Tiba-tiba sore ini kompleks kami dihebohkan dengan kerumunan warga.  Riuh rendah suara orang-orang berkomentar.  Ternyata ada penggerebekan sarang judi oleh pihak kepolisian.
Sejak menikah dengan Mas Lukman, kami tinggal di sebuah perumahan di Kalibata.  Perumahan yang cukup unik, karena meskipun berada di tengah kota tapi persaudaraannya cukup bagus.  Kami diikat dalam kegiatan bersama.  Majelis taklim, perkumpulan PKK, karang taruna berjalan dengan baik di sini.  Penggeraknya tentu saja Mas Lukman sebagai ketua RT.
“Ada apa ya, Kak?”  Denia penasaran. 
 “Entahlah, Denia.  Tapi sepertinya,  ada rumah yang digrebek.  Beberapa waktu lalu aku mengetik surat pengaduan ke FPI tentang maksiat di perumahan ini.  Rumah  itu sering dipakai kumpul-kumpul tamu yang kami pun tidak tahu darimana asal mereka.  Mereka mengadakan pesta perjudian lengkap dengan transaksi narkoba.”
“Wah, parah sekali.  Kak Mutia kenal dengan penghuninya?”
“Kenal tapi nggak terlalu.  Mereka tidak ikut aktif di kegiatan perumahan.
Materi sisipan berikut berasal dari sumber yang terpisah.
(* Let $m$ be a monad and $r$ any type, and let $R = m\ r$. Let $\mathrm{ThrowT}\ r\ m\ e\ a$ be the type $(\forall b.\ e \to \mathrm{Cont}\ R\ b) \to \mathrm{Cont}\ R\ a$, with operations (writing $\mathrm{run}$ for application to the handler argument): $\mathrm{return}\ a = \lambda h.\ \mathrm{pure}_{\mathrm{Cont}}\ a$; $\ (x \gg\!= k) = \lambda h.\ x\ h \gg\!=_{\mathrm{Cont}} (\lambda a.\ k\ a\ h)$; $\mathrm{throwT}\ e = \lambda h.\ h\ e$; $\mathrm{catchT}\ x\ k = \lambda \mathit{outer}.\ \mathrm{callCC}\ (\lambda \mathit{normalExit}.\ \mathrm{callCCR2}\ (\lambda \mathit{newThrow}.\ x\ \mathit{newThrow} \gg\!=_{\mathrm{Cont}} \mathit{normalExit}) \gg\!=_{\mathrm{Cont}} (\lambda e.\ k\ e\ \mathit{outer}))$, where $\mathrm{catchT} : \mathrm{ThrowT}\ r\ m\ e\ a \to (e \to \mathrm{ThrowT}\ r\ m\ f\ a) \to \mathrm{ThrowT}\ r\ m\ f\ a$. Let likewise $\mathrm{ThrowT}'\ m\ e\ a = \forall r.\ (\forall b.\ e \to \mathrm{Cont}\ (m\ r)\ b) \to \mathrm{Cont}\ (m\ r)\ a$ with the same defining bodies for all four operations. Then both $\mathrm{ThrowT}\ r\ m$ and $\mathrm{ThrowT}'\ m$ are conjoinedly monadic error algebras (with $(\mathrm{return}, \gg\!=)$ in the value index and $(\mathrm{throwT}, \mathrm{catchT})$ in the error index).
   Context: $\mathrm{Cont}\ R\ a = (a \to R) \to R$, with $\mathrm{pure}_{\mathrm{Cont}}\ a = \lambda c.\ c\ a$ and $(x \gg\!=_{\mathrm{Cont}} f) = \lambda c.\ x\ (\lambda a.\ f\ a\ c)$. $\mathrm{callCC} : ((a \to \mathrm{Cont}\ R\ b) \to \mathrm{Cont}\ R\ a) \to \mathrm{Cont}\ R\ a$ is $\mathrm{callCC}\ f = \lambda c.\ f\ (\lambda a.\ \lambda\_.\ c\ a)\ c$, and $\mathrm{callCCR2} : ((\forall b.\ a \to \mathrm{Cont}\ R\ b) \to \mathrm{Cont}\ R\ a) \to \mathrm{Cont}\ R\ a$ is the same term with this rank-2 type. Equality is extensional. A conjoinedly monadic error algebra is a type constructor $M$ of two type arguments (error index $e$, value index $a$) with operations $\mathrm{return} : a \to M\ e\ a$, $(\gg\!=) : M\ e\ a \to (a \to M\ e\ b) \to M\ e\ b$, $\mathrm{throw} : e \to M\ e\ a$, $\mathrm{catch} : M\ e\ a \to (e \to M\ f\ a) \to M\ f\ a$ such that: for every fixed $e$, $(\mathrm{return}, \gg\!=)$ satisfy the monad laws in $a$; for every fixed $a$, $(\mathrm{throw}, \mathrm{catch})$ satisfy the monad laws in $e$ ($\mathrm{catch}\ (\mathrm{throw}\ e)\ h = h\ e$, $\mathrm{catch}\ p\ \mathrm{throw} = p$, $\mathrm{catch}\ (\mathrm{catch}\ p\ g)\ h = \mathrm{catch}\ p\ (\lambda x.\ \mathrm{catch}\ (g\ x)\ h)$); and $\mathrm{catch}\ (\mathrm{return}\ x)\ f = \mathrm{return}\ x$ and $\mathrm{throw}\ e \gg\!= f = \mathrm{throw}\ e$. *)

Set Implicit Arguments.

Definition Cont (R a : Type) : Type := (a -> R) -> R.
Definition pureC {R a : Type} (x : a) : Cont R a := fun c => c x.
Definition bindC {R a b : Type} (x : Cont R a) (f : a -> Cont R b) : Cont R b :=
  fun c => x (fun y => f y c).
Definition callCC {R a b : Type} (f : (a -> Cont R b) -> Cont R a) : Cont R a :=
  fun c => f (fun y => fun _ => c y) c.
Definition callCCR2 {R a : Type} (f : (forall b : Type, a -> Cont R b) -> Cont R a)
  : Cont R a := fun c => f (fun b y => fun _ => c y) c.

Definition MonadLaws (m : Type -> Type) (retm : forall a, a -> m a)
  (bindm : forall a b, m a -> (a -> m b) -> m b) : Prop :=
  (forall a b (x : a) (k : a -> m b), bindm _ _ (retm _ x) k = k x) /\
  (forall a (p : m a), bindm _ _ p (retm _) = p) /\
  (forall a b c (p : m a) (f : a -> m b) (g : b -> m c),
      bindm _ _ (bindm _ _ p f) g = bindm _ _ p (fun x => bindm _ _ (f x) g)).

(** * Conjoinedly monadic error algebras.
    [ok] singles out the elements of [M e a] the laws range over (here: the
    parametric ones) and [eqv] is the (extensional) equality. *)
Record CMEA (M : Type -> Type -> Type)
  (ret : forall e a, a -> M e a)
  (bind : forall e a b, M e a -> (a -> M e b) -> M e b)
  (throw : forall e a, e -> M e a)
  (catch : forall e f a, M e a -> (e -> M f a) -> M f a)
  (ok : forall e a, M e a -> Prop)
  (eqv : forall e a, M e a -> M e a -> Prop) : Prop := {
  ok_ret : forall e a (x : a), ok _ _ (ret e a x);
  ok_bind : forall e a b (p : M e a) (k : a -> M e b),
      ok _ _ p -> (forall x, ok _ _ (k x)) -> ok _ _ (bind _ _ _ p k);
  ok_throw : forall e a (x : e), ok _ _ (throw e a x);
  ok_catch : forall e f a (p : M e a) (h : e -> M f a),
      ok _ _ p -> (forall x, ok _ _ (h x)) -> ok _ _ (catch _ _ _ p h);
  bind_ret_l : forall e a b (x : a) (k : a -> M e b),
      (forall y, ok _ _ (k y)) -> eqv _ _ (bind _ _ _ (ret e a x) k) (k x);
  bind_ret_r : forall e a (p : M e a), ok _ _ p -> eqv _ _ (bind _ _ _ p (ret e a)) p;
  bind_assoc : forall e a b c (p : M e a) (f : a -> M e b) (g : b -> M e c),
      ok _ _ p -> (forall x, ok _ _ (f x)) -> (forall y, ok _ _ (g y)) ->
      eqv _ _ (bind _ _ _ (bind _ _ _ p f) g) (bind _ _ _ p (fun x => bind _ _ _ (f x) g));
  catch_throw_l : forall e f a (x : e) (h : e -> M f a),
      (forall y, ok _ _ (h y)) -> eqv _ _ (catch _ _ _ (throw e a x) h) (h x);
  catch_throw_r : forall e a (p : M e a), ok _ _ p -> eqv _ _ (catch _ _ _ p (throw e a)) p;
  catch_assoc : forall e f g a (p : M e a) (k : e -> M f a) (h : f -> M g a),
      ok _ _ p -> (forall x, ok _ _ (k x)) -> (forall y, ok _ _ (h y)) ->
      eqv _ _ (catch _ _ _ (catch _ _ _ p k) h) (catch _ _ _ p (fun x => catch _ _ _ (k x) h));
  catch_ret : forall e f a (x : a) (h : e -> M f a),
      (forall y, ok _ _ (h y)) -> eqv _ _ (catch _ _ _ (ret e a x) h) (ret f a x);
  bind_throw : forall e a b (x : e) (k : a -> M e b),
      (forall y, ok _ _ (k y)) -> eqv _ _ (bind _ _ _ (throw e a x) k) (throw e b x)
}.

Definition ThrowT (r : Type) (m : Type -> Type) (e a : Type) : Type :=
  (forall b : Type, e -> Cont (m r) b) -> Cont (m r) a.

Definition retT (r : Type) (m : Type -> Type) (e a : Type) (x : a) : ThrowT r m e a :=
  fun h => pureC x.
Definition bindT (r : Type) (m : Type -> Type) (e a b : Type)
  (x : ThrowT r m e a) (k : a -> ThrowT r m e b) : ThrowT r m e b :=
  fun h => bindC (x h) (fun y => k y h).
Definition throwT (r : Type) (m : Type -> Type) (e a : Type) (x : e) : ThrowT r m e a :=
  fun h => h a x.
Definition catchT (r : Type) (m : Type -> Type) (e f a : Type)
  (x : ThrowT r m e a) (k : e -> ThrowT r m f a) : ThrowT r m f a :=
  fun outer =>
    callCC (fun normalExit : a -> Cont (m r) e =>
      bindC (callCCR2 (fun newThrow => bindC (x newThrow) normalExit))
            (fun y => k y outer)).

(** Parametricity (logical relation) for handlers of type
    [forall b, e -> Cont R b], with [R] and [e] related by equality. *)
Definition HandlerRel (R e : Type) (h h' : forall b : Type, e -> Cont R b) : Prop :=
  forall (b b' : Type) (Rb : b -> b' -> Prop) (x : e) (k : b -> R) (k' : b' -> R),
    (forall y y', Rb y y' -> k y = k' y') -> h b x k = h' b' x k'.

(** Extensional equality of [ThrowT] computations (up to parametricity):
    related handlers and equal continuations give equal results. *)
Definition ThrowEq (r : Type) (m : Type -> Type) (e a : Type)
  (x y : ThrowT r m e a) : Prop :=
  forall h h', HandlerRel h h' -> forall c : a -> m r, x h c = y h' c.

Definition ThrowOk (r : Type) (m : Type -> Type) (e a : Type) (x : ThrowT r m e a) : Prop :=
  ThrowEq x x.

Definition ThrowT' (m : Type -> Type) (e a : Type) : Type :=
  forall r : Type, (forall b : Type, e -> Cont (m r) b) -> Cont (m r) a.

Definition retT' (m : Type -> Type) (e a : Type) (x : a) : ThrowT' m e a :=
  fun r h => pureC x.
Definition bindT' (m : Type -> Type) (e a b : Type)
  (x : ThrowT' m e a) (k : a -> ThrowT' m e b) : ThrowT' m e b :=
  fun r h => bindC (x r h) (fun y => k y r h).
Definition throwT' (m : Type -> Type) (e a : Type) (x : e) : ThrowT' m e a :=
  fun r h => h a x.
Definition catchT' (m : Type -> Type) (e f a : Type)
  (x : ThrowT' m e a) (k : e -> ThrowT' m f a) : ThrowT' m f a :=
  fun r outer =>
    callCC (fun normalExit : a -> Cont (m r) e =>
      bindC (callCCR2 (fun newThrow => bindC (x r newThrow) normalExit))
            (fun y => k y r outer)).

Definition ThrowEq' (m : Type -> Type) (e a : Type) (x y : ThrowT' m e a) : Prop :=
  forall r : Type, ThrowEq (x r) (y r).
Definition ThrowOk' (m : Type -> Type) (e a : Type) (x : ThrowT' m e a) : Prop :=
  forall r : Type, ThrowOk (x r).

From Stdlib Require Import FunctionalExtensionality.
Set Implicit Arguments.

(* A handler [forall b, e -> Cont R b] that is parametric in [b] cannot use
   its continuation (instantiate [b] by an empty type), so it is merely an
   [e]-indexed family of answers.  Unfolding the two continuations captured
   by [catchT p k] then shows that it runs [p] with the handler
   [y |-> k y outer c], and every law becomes a conversion plus parametricity
   of the arguments.  [ThrowT' m] is the product over [r] of the [ThrowT r m]
   with pointwise operations, and a product of conjoinedly monadic error
   algebras is again one. *)

Section Handlers.
Variables R e : Type.
Implicit Types h : forall b : Type, e -> Cont R b.

Lemma HandlerRel_elim h h' :
  HandlerRel h h' -> forall b b' x k k', h b x k = h' b' x k'.
Proof. intros H b b' x k k'. apply (H b b' (fun _ _ => False)). intros _ _ []. Qed.

Lemma HandlerRel_intro h h' :
  (forall b b' x k k', h b x k = h' b' x k') -> HandlerRel h h'.
Proof. intros H b b' Rb x k k' _. apply H. Qed.

End Handlers.

Section ThrowTLaws.
Variables (r : Type) (m : Type -> Type).

Lemma catchT_run e f a (p : ThrowT r m e a) (k : e -> ThrowT r m f a) outer c :
  catchT p k outer c = p (fun b y _ => k y outer c) c.
Proof. reflexivity. Qed.

Lemma HandlerRel_resume e f a (k k' : e -> ThrowT r m f a) outer outer'
    (c : a -> m r) :
  (forall y, ThrowEq (k y) (k' y)) -> HandlerRel outer outer' ->
  HandlerRel (fun b y (_ : b -> m r) => k y outer c)
             (fun b y (_ : b -> m r) => k' y outer' c).
Proof. intros Hk Ho. apply HandlerRel_intro. intros. apply Hk, Ho. Qed.

Lemma ThrowOk_bindT e a b (p : ThrowT r m e a) (k : a -> ThrowT r m e b) :
  ThrowOk p -> (forall y, ThrowOk (k y)) -> ThrowOk (bindT p k).
Proof.
  intros Hp Hk h h' H c. unfold bindT, bindC.
  rewrite (Hp h h' H). f_equal. extensionality y. apply Hk, H.
Qed.

Lemma ThrowOk_catchT e f a (p : ThrowT r m e a) (k : e -> ThrowT r m f a) :
  ThrowOk p -> (forall y, ThrowOk (k y)) -> ThrowOk (catchT p k).
Proof.
  intros Hp Hk h h' H c. rewrite !catchT_run.
  apply Hp, HandlerRel_resume; assumption.
Qed.

Lemma ThrowT_CMEA :
  CMEA (ThrowT r m) (retT r m) (bindT (r:=r) (m:=m)) (throwT r m)
       (catchT (r:=r) (m:=m)) (ThrowOk (r:=r) (m:=m)) (ThrowEq (r:=r) (m:=m)).
Proof.
  constructor.
  - intros e a x h h' _ c. reflexivity.
  - exact ThrowOk_bindT.
  - intros e a x h h' H c. apply (HandlerRel_elim H).
  - exact ThrowOk_catchT.
  - intros e a b x k Hk. exact (Hk x).
  - intros e a p Hp. exact Hp.
  - intros e a b c p f g Hp Hf Hg.
    exact (ThrowOk_bindT _ Hp (fun x => ThrowOk_bindT _ (Hf x) Hg)).
  - intros e f a x k Hk. exact (Hk x).
  - intros e a p Hp h h' H c. rewrite catchT_run.
    apply Hp, HandlerRel_intro. intros. apply (HandlerRel_elim H).
  - intros e f g a p k k' Hp Hk Hk'.
    exact (ThrowOk_catchT _ Hp (fun x => ThrowOk_catchT _ (Hk x) Hk')).
  - intros e f a x k _ h h' _ c. reflexivity.
  - intros e a b x k _ h h' H c. apply (HandlerRel_elim H).
Qed.

End ThrowTLaws.

Section ProductCMEA.
Variables (I : Type) (M : I -> Type -> Type -> Type)
  (ret : forall i e a, a -> M i e a)
  (bind : forall i e a b, M i e a -> (a -> M i e b) -> M i e b)
  (throw : forall i e a, e -> M i e a)
  (catch : forall i e f a, M i e a -> (e -> M i f a) -> M i f a)
  (ok : forall i e a, M i e a -> Prop)
  (eqv : forall i e a, M i e a -> M i e a -> Prop).
Hypothesis HM :
  forall i, CMEA (M i) (@ret i) (@bind i) (@throw i) (@catch i) (@ok i) (@eqv i).

Lemma CMEA_forall :
  CMEA (fun e a => forall i, M i e a)
    (fun e a x i => @ret i e a x)
    (fun e a b p k i => @bind i e a b (p i) (fun x => k x i))
    (fun e a x i => @throw i e a x)
    (fun e f a p k i => @catch i e f a (p i) (fun x => k x i))
    (fun e a p => forall i, @ok i e a (p i))
    (fun e a p q => forall i, @eqv i e a (p i) (q i)).
Proof.
  constructor; intros.
  - apply (ok_ret (HM i)).
  - apply (ok_bind (HM i)); auto.
  - apply (ok_throw (HM i)).
  - apply (ok_catch (HM i)); auto.
  - apply (bind_ret_l (HM i)); auto.
  - apply (bind_ret_r (HM i)); auto.
  - apply (bind_assoc (HM i)); auto.
  - apply (catch_throw_l (HM i)); auto.
  - apply (catch_throw_r (HM i)); auto.
  - apply (catch_assoc (HM i)); auto.
  - apply (catch_ret (HM i)); auto.
  - apply (bind_throw (HM i)); auto.
Qed.

End ProductCMEA.

Theorem theorem8 (m : Type -> Type) (retm : forall a, a -> m a)
  (bindm : forall a b, m a -> (a -> m b) -> m b)
  (Hm : MonadLaws m retm bindm) (r : Type) :
  CMEA (ThrowT r m) (retT r m) (bindT (r:=r) (m:=m)) (throwT r m) (catchT (r:=r) (m:=m))
       (ThrowOk (r:=r) (m:=m)) (ThrowEq (r:=r) (m:=m)) /\
  CMEA (ThrowT' m) (retT' m) (bindT' (m:=m)) (throwT' m) (catchT' (m:=m))
       (ThrowOk' (m:=m)) (ThrowEq' (m:=m)).
Proof.
  split.
  - exact (ThrowT_CMEA r m).
  - exact (@CMEA_forall _ _ _ _ _ _ _ _ (fun r' => ThrowT_CMEA r' m)).
Qed.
Sekilas saja kalau berpapasan dengan istrinya, aku suka menyapa.”
Tak urung kami keluar rumah juga buat menghabiskan rasa penasaran.  Benar saja rumah itu digerebek polisi.  Dan tertempel pada dinding rumah itu, rumah ini disegel dan menjadi milik bank.  Nama bank swasta tertera di sana.
“Kasihan ya, penghuninya.  Kemana mereka bakalan tinggal.”  Denia langsung mengekspresikan empatinya.
“Buat apa dikasihani, Neng.  Mereka yang mencemarkan nama kompleks perumahan ini.  Bikin bisnis judi.  Bisnis maksiat yang bisa mendatangkan murka Allah.  Kami ibu-ibu DKM kompleks perumahan ini yang melaporkannya ke FPI.  FPI menindaklanjuti prosedurnya ke polisi.  Alhamdulillah polisinye tanggep.  Kalau kagak, FPI yang bakalan ngegerebek rumah itu sekalian kami ikut demo.”  Bu Midah, tetangga sebelah kanan rumah, menjelaskan panjang lebar dengan hebohnya.
Setelah melihat peristiwa sore itu, Denia murung seakan mengingat sesuatu.  Aku tahu, pasti ada kenangan yang membangkitkan kembali memori kesedihan masa lalunya.
“Denia kenapa murung?”
“Nggak, Kak.”  Denia menyeka air matanya.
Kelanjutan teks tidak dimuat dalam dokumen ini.